HTML Link Grabber (GoLang)
This program takes in a web address as a command line argument. Then goes and gets that page and then prints out all of the links to other pages. While not all that useful, it was a good first step into web programming.
Credit for this goes to Jack Canty’s website because I’ve never written anything like this.
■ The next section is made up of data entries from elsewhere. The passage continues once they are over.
Definition adj_on (R : realType) (V : finType) (e : rel V) (D : {set V}) :
    'M[R]_#|D| :=
  \matrix_(i, j) (e (@enum_val V (mem D) i) (@enum_val V (mem D) j))%:R.

Definition adjmx (R : realType) (V : finType) (e : rel V) : 'M[R]_#|[set: V]| :=
  adj_on R e [set: V].

Definition cell_ind (R : realType) (V : finType) (k : nat) (cell : V -> 'I_k)
    (j : 'I_k) : 'rV[R]_#|[set: V]| :=
  \row_i (cell (@enum_val V (mem [set: V]) i) == j)%:R.

(* Bulk eigenvalue: eigenvalue of A restricted to W^perp, i.e. with an
   eigenvector orthogonal to all cell indicator vectors. *)
Definition bulk_eigenvalue (R : realType) (V : finType) (e : rel V) (k : nat)
    (cell : V -> 'I_k) (mu : R) : Prop :=
  exists v : 'rV[R]_#|[set: V]|,
    [/\ v != 0, v *m adjmx R e = mu *: v &
        forall j : 'I_k, v *m (cell_ind R cell j)^T = 0].

Definition largest_eigenvalue (R : realType) (k : nat) (M : 'M[R]_k) (l : R) : Prop :=
  eigenvalue M l /\ forall m : R, eigenvalue M m -> m <= l.

Definition largest_abs_bulk (R : realType) (V : finType) (e : rel V) (k : nat)
    (cell : V -> 'I_k) (l : R) : Prop :=
  (exists mu, bulk_eigenvalue e cell mu /\ `|mu| = l) /\
  forall mu, bulk_eigenvalue e cell mu -> `|mu| <= l.

Definition cfrac (R : realType) (V : finType) (k : nat) (cell : V -> 'I_k)
    (C : {set V}) (i : 'I_k) : R :=
  (#|C :&: [set x | cell x == i]|)%:R / (#|[set x | cell x == i]|)%:R.

(* min over i of c_i (k >= 1 whenever V is nonempty; all c_i <= 1). *)
Definition cmin (R : realType) (V : finType) (k : nat) (cell : V -> 'I_k)
    (C : {set V}) : R :=
  \big[Num.min/1]_(i < k) cfrac R cell C i.

(* Extend an eigenvector of the induced subgraph by zero to a vector x on V, so
   that x A x^T = mu |x|^2.  Let W be the span of the cell indicators and split
   x = w + u with w in W (the cellwise average of x) and u orthogonal to W.
   Both W and its complement are A-invariant, so x A x^T = w A w^T + u A u^T,
   and the Rayleigh principle on each of them bounds this by
   lamS |w|^2 + lamB |u|^2: the eigenvalues of A on W are eigenvalues of S, those
   on its complement are bulk eigenvalues.  As x vanishes on C, Cauchy-Schwarz on
   each cell gives |w|^2 <= (1 - min c_i) |x|^2.  Finally lamB <= lamS, since a
   Perron eigenvector of A is nonnegative, hence has a nonzero projection on W. *)

From HB Require Import structures.
From mathcomp Require Import all_boot all_order all_algebra.
From mathcomp Require Import reals boolp classical_sets topology normedtype derive.
From mathcomp Require Import ring lra.
Import Order.TTheory GRing.Theory Num.Theory.
Import numFieldNormedType.Exports.
Set Implicit Arguments. Unset Strict Implicit. Unset Printing Implicit Defensive.
Local Open Scope ring_scope.

Lemma le0_of_affine_le0 (R : realFieldType) (a b : R) :
  (forall t, 0 < t -> a + t * b <= 0) -> a <= 0.
Proof.
move=> affine_le0; rewrite leNgt; apply/negP => a_gt0.
have nb_gt0 : 0 < `|b| + 1 by rewrite ltr_wpDl.
pose t := a / (`|b| + 1).
have t_gt0 : 0 < t by rewrite divr_gt0.
have ta : t * (`|b| + 1) = a by rewrite divfK ?gt_eqF.
rewrite mulrDr mulr1 in ta.
have tb : - (t * `|b|) <= t * b by rewrite -mulrN ler_pM2l // lerNl -normrN ler_norm.
have := affine_le0 t t_gt0; lra.
Qed.

Lemma sqr_sum_le_card (R : realFieldType) (T : finType) (P : pred T) (F : T -> R) :
  (\sum_(i | P i) F i) ^+ 2 <= #|P|%:R * \sum_(i | P i) F i ^+ 2.
Proof.
set s1 := \sum_(i | P i) F i; set s2 := \sum_(i | P i) F i ^+ 2.
have -> : #|P|%:R = \sum_(i | P i) (1 : R) by rewrite -sum1_card natr_sum.
set N := \sum_(i | P i) (1 : R).
have inner i : \sum_(j | P j) (F i - F j) ^+ 2 = F i ^+ 2 * N + s2 - 2 * F i * s1.
  rewrite /N /s2 /s1 !mulr_sumr -big_split -sumrB.
  by apply: eq_bigr => j _ /=; ring.
have outer : \sum_(i | P i) \sum_(j | P j) (F i - F j) ^+ 2 = 2 * (N * s2 - s1 ^+ 2).
  under eq_bigr do rewrite inner.
  rewrite sumrB big_split /= -!mulr_suml -mulr_sumr -/s1 -/s2.
  have -> : \sum_(i | P i) s2 = N * s2.
    by rewrite /N mulr_suml; apply: eq_bigr => i _; rewrite mul1r.
  ring.
have : 0 <= 2 * (N * s2 - s1 ^+ 2).
  by rewrite -outer; apply: sumr_ge0 => i _; apply: sumr_ge0 => j _; exact: sqr_ge0.
by rewrite pmulr_rge0 // subr_ge0.
Qed.

Lemma eigenvalue_trmx (F : fieldType) n (M : 'M[F]_n) a :
  eigenvalue M^T a = eigenvalue M a.
Proof.
rewrite !eigenvalue_root_char /char_poly -[\det (char_poly_mx M)]det_tr.
by rewrite /char_poly_mx linearB /= tr_scalar_mx map_trmx.
Qed.

(* [projmx P N] is the orthogonal projection onto the column space of [P] when [N]
   inverts the Gram matrix [P^T P]; [A *m P = P *m M] says that space is [A]-stable. *)
Definition projmx (F : ringType) n k (P : 'M[F]_(n, k)) (N : 'M[F]_k) : 'M[F]_n :=
  P *m N *m P^T.

Section OrthogonalProjection.
Variables (F : fieldType) (n k : nat) (A : 'M[F]_n) (P : 'M[F]_(n, k)) (M N : 'M[F]_k).
Hypotheses (A_sym : A^T = A) (AP : A *m P = P *m M).
Hypotheses (N_sym : N^T = N) (N_gram : N *m (P^T *m P) = 1%:M).
Local Notation Q := (projmx P N).

Lemma projmx_sym : Q^T = Q.
Proof. by rewrite /projmx !trmx_mul trmxK N_sym mulmxA. Qed.

Lemma projmx_fix_cols : Q *m P = P.
Proof. by rewrite /projmx -!mulmxA N_gram mulmx1. Qed.

Lemma projmx_idem : Q *m Q = Q.
Proof. by rewrite {2}/projmx !mulmxA projmx_fix_cols. Qed.

Lemma projmx_comm : A *m Q = Q *m A.
Proof.
have QAQ : Q *m A *m Q = A *m Q.
  by rewrite /projmx !mulmxA -(mulmxA _ A) AP mulmxA projmx_fix_cols -AP.
have tAQ : (A *m Q)^T = Q *m A by rewrite trmx_mul projmx_sym A_sym.
have tQAQ : (Q *m A *m Q)^T = Q *m A *m Q.
  by rewrite trmx_mul projmx_sym trmx_mul projmx_sym A_sym mulmxA.
by rewrite -QAQ -[RHS]tAQ -QAQ tQAQ.
Qed.

Lemma lker_stable (u : 'rV[F]_n) : u *m P = 0 -> u *m A *m P = 0.
Proof. by move=> uP; rewrite -mulmxA AP mulmxA uP mul0mx. Qed.

Lemma projmx_fixedE (u : 'rV[F]_n) : (u *m (1%:M - Q) == 0) = (u *m Q == u).
Proof. by rewrite mulmxBr mulmx1 subr_eq0 eq_sym. Qed.

Lemma projmx_range_stable (u : 'rV[F]_n) :
  u *m (1%:M - Q) = 0 -> u *m A *m (1%:M - Q) = 0.
Proof.
move=> /eqP; rewrite projmx_fixedE => /eqP uQ; apply/eqP.
by rewrite projmx_fixedE -mulmxA projmx_comm mulmxA uQ.
Qed.

Lemma projmx_range_eigenvalue (u : 'rV[F]_n) a :
  u *m Q = u -> u != 0 -> u *m A = a *: u -> eigenvalue M a.
Proof.
move=> uQ u_neq0 uA; rewrite -eigenvalue_trmx.
pose g := u *m P *m N.
have ugP : u = g *m P^T by rewrite -{1}uQ /projmx !mulmxA.
have PtA : P^T *m A = M^T *m P^T by rewrite -{1}A_sym -trmx_mul AP trmx_mul.
have gram_N : P^T *m P *m N = 1%:M by apply: mulmx1C.
apply/eigenvalueP; exists g; last by apply: contraNneq u_neq0 => g0; rewrite ugP g0 mul0mx.
have : (g *m M^T - a *: g) *m P^T = 0.
  by rewrite mulmxBl -mulmxA -PtA mulmxA -ugP uA -scalemxAl -ugP subrr.
move/(congr1 (mulmx^~ (P *m N))).
by rewrite mul0mx -mulmxA (mulmxA P^T) gram_N mulmx1 => /eqP; rewrite subr_eq0 => /eqP.
Qed.

End OrthogonalProjection.

Definition qform (R : pzRingType) n (A : 'M[R]_n) (u : 'rV[R]_n) : R :=
  (u *m A *m u^T) 0 0.
Definition sqnorm (R : pzRingType) n (u : 'rV[R]_n) : R := qform 1%:M u.

Section QuadraticForm.
Variables (R : realFieldType) (n : nat).
Implicit Types (A : 'M[R]_n) (u v : 'rV[R]_n).

Lemma qformE A u : qform A u = \sum_j (u *m A) 0 j * u 0 j.
Proof. by rewrite /qform mxE; apply: eq_bigr => j _; rewrite [u^T j 0]mxE. Qed.

Lemma sqnormE u : sqnorm u = \sum_i u 0 i ^+ 2.
Proof. by rewrite /sqnorm qformE mulmx1; apply: eq_bigr => i _; rewrite expr2. Qed.

Lemma sqnorm_ge0 u : 0 <= sqnorm u.
Proof. by rewrite sqnormE; apply: sumr_ge0 => i _; apply: sqr_ge0. Qed.

Lemma sqnorm_eq0 u : (sqnorm u == 0) = (u == 0).
Proof.
rewrite sqnormE psumr_eq0 => [|i _]; last exact: sqr_ge0.
apply/allP/eqP => [u0|-> i _]; last by rewrite implyTb mxE expr0n.
apply/rowP => i; rewrite mxE; apply/eqP; rewrite -sqrf_eq0.
exact: u0 i (mem_index_enum i).
Qed.

Lemma sqnorm_gt0 u : (0 < sqnorm u) = (u != 0).
Proof. by rewrite lt_def sqnorm_eq0 sqnorm_ge0 andbT. Qed.

Lemma qform0 A : qform A 0 = 0.
Proof. by rewrite /qform !mul0mx mxE. Qed.

Lemma qformZ A c u : qform A (c *: u) = c ^+ 2 * qform A u.
Proof. by rewrite /qform linearZ /= -!scalemxAl -scalemxAr !mxE mulrA expr2. Qed.

Lemma qform_eigen A u a : u *m A = a *: u -> qform A u = a * sqnorm u.
Proof. by move=> uA; rewrite /sqnorm /qform uA mulmx1 -scalemxAl mxE. Qed.

Lemma qformD A u v : A^T = A ->
  qform A (u + v) = qform A u + 2 * (u *m A *m v^T) 0 0 + qform A v.
Proof.
move=> A_sym; rewrite /qform linearD /= !mulmxDl !mulmxDr.
have -> : v *m A *m u^T = (u *m A *m v^T)^T by rewrite !trmx_mul trmxK A_sym mulmxA.
set a := u *m A *m u^T; set b := u *m A *m v^T; set d := v *m A *m v^T.
rewrite !mxE; ring.
Qed.

Lemma qform_projD A (Q : 'M[R]_n) u :
  A^T = A -> Q^T = Q -> Q *m Q = Q -> A *m Q = Q *m A ->
  qform A u = qform A (u *m Q) + qform A (u - u *m Q).
Proof.
move=> A_sym Q_sym QQ AQ; rewrite -[in LHS](subrKC (u *m Q) u) [in LHS]qformD //.
suff -> : (u *m Q *m A *m (u - u *m Q)^T) = 0 by rewrite mxE mulr0 addr0.
rewrite linearB /= trmx_mul Q_sym mulmxBr (mulmxA (u *m Q *m A)) -(mulmxA (u *m Q) A) AQ.
by rewrite (mulmxA (u *m Q)) -(mulmxA u Q Q) QQ subrr.
Qed.

Lemma qform_mulmx m A (E : 'M[R]_(m, n)) (x : 'rV[R]_m) :
  qform A (x *m E) = qform (E *m A *m E^T) x.
Proof. by rewrite /qform trmx_mul !mulmxA. Qed.

Lemma sqnormZ c u : sqnorm (c *: u) = c ^+ 2 * sqnorm u.
Proof. exact: qformZ. Qed.

Lemma sqnorm_map_normr u : sqnorm (map_mx (fun x => `|x|) u) = sqnorm u.
Proof. by rewrite !sqnormE; apply: eq_bigr => i _; rewrite mxE real_normK ?num_real. Qed.

Lemma qform_map_normr A u : (forall i j, 0 <= A i j) ->
  `|qform A u| <= qform A (map_mx (fun x => `|x|) u).
Proof.
move=> A_ge0; rewrite !qformE; apply: le_trans (ler_norm_sum _ _ _) _.
apply: ler_sum => j _; rewrite normrM [map_mx _ _ _ j]mxE ler_wpM2r //.
rewrite !mxE; apply: le_trans (ler_norm_sum _ _ _) _; apply: ler_sum => i _.
by rewrite normrM (ger0_norm (A_ge0 i j)) mxE.
Qed.

End QuadraticForm.

(* A subspace is given as the left kernel [u *m P = 0] of a matrix [P]. *)
Section Rayleigh.
Variables (R : realType) (n : nat).
Implicit Types (A : 'M[R]_n) (u v : 'rV[R]_n).

Lemma sqnorm_normalize (u : 'rV[R]_n) : u != 0 ->
  sqnorm ((Num.sqrt (sqnorm u))^-1 *: u) = 1.
Proof.
by rewrite -sqnorm_gt0 => u_gt0; rewrite sqnormZ exprVn sqr_sqrtr ?mulVf ?gt_eqF // ltW.
Qed.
His can be found here.
package main
import (
"fmt"
"flag"
"net/http"
"os"
"io"
"golang.org/x/net/html"
)
func main() {
flag.Parse()
arg := flag.Args()
fmt.Println(arg)
if len(arg) == 0 {
fmt.Printf("Enter a page\nex. \"http://google.com\"")
os.Exit(1)
}
data, error := http.Get(arg[0])
if error != nil {
return
}
defer data.Body.Close()
links := collectLinks(data.Body)
for _, link := range(links) {
fmt.Printf("\t")
fmt.Println(link)
}
}
func collectLinks(httpBody io.Reader) []string {
links := make([]string, 0)
page := html.NewTokenizer(httpBody)
for {
tokenType := page.Next()
if tokenType == html.ErrorToken {
return links
}
token := page.Token()
if tokenType == html.StartTagToken && token.DataAtom.String() == "a" {
for _, attr := range token.Attr {
if attr.Key == "href" {
links = append(links, attr.Val)
}
}
}
}
}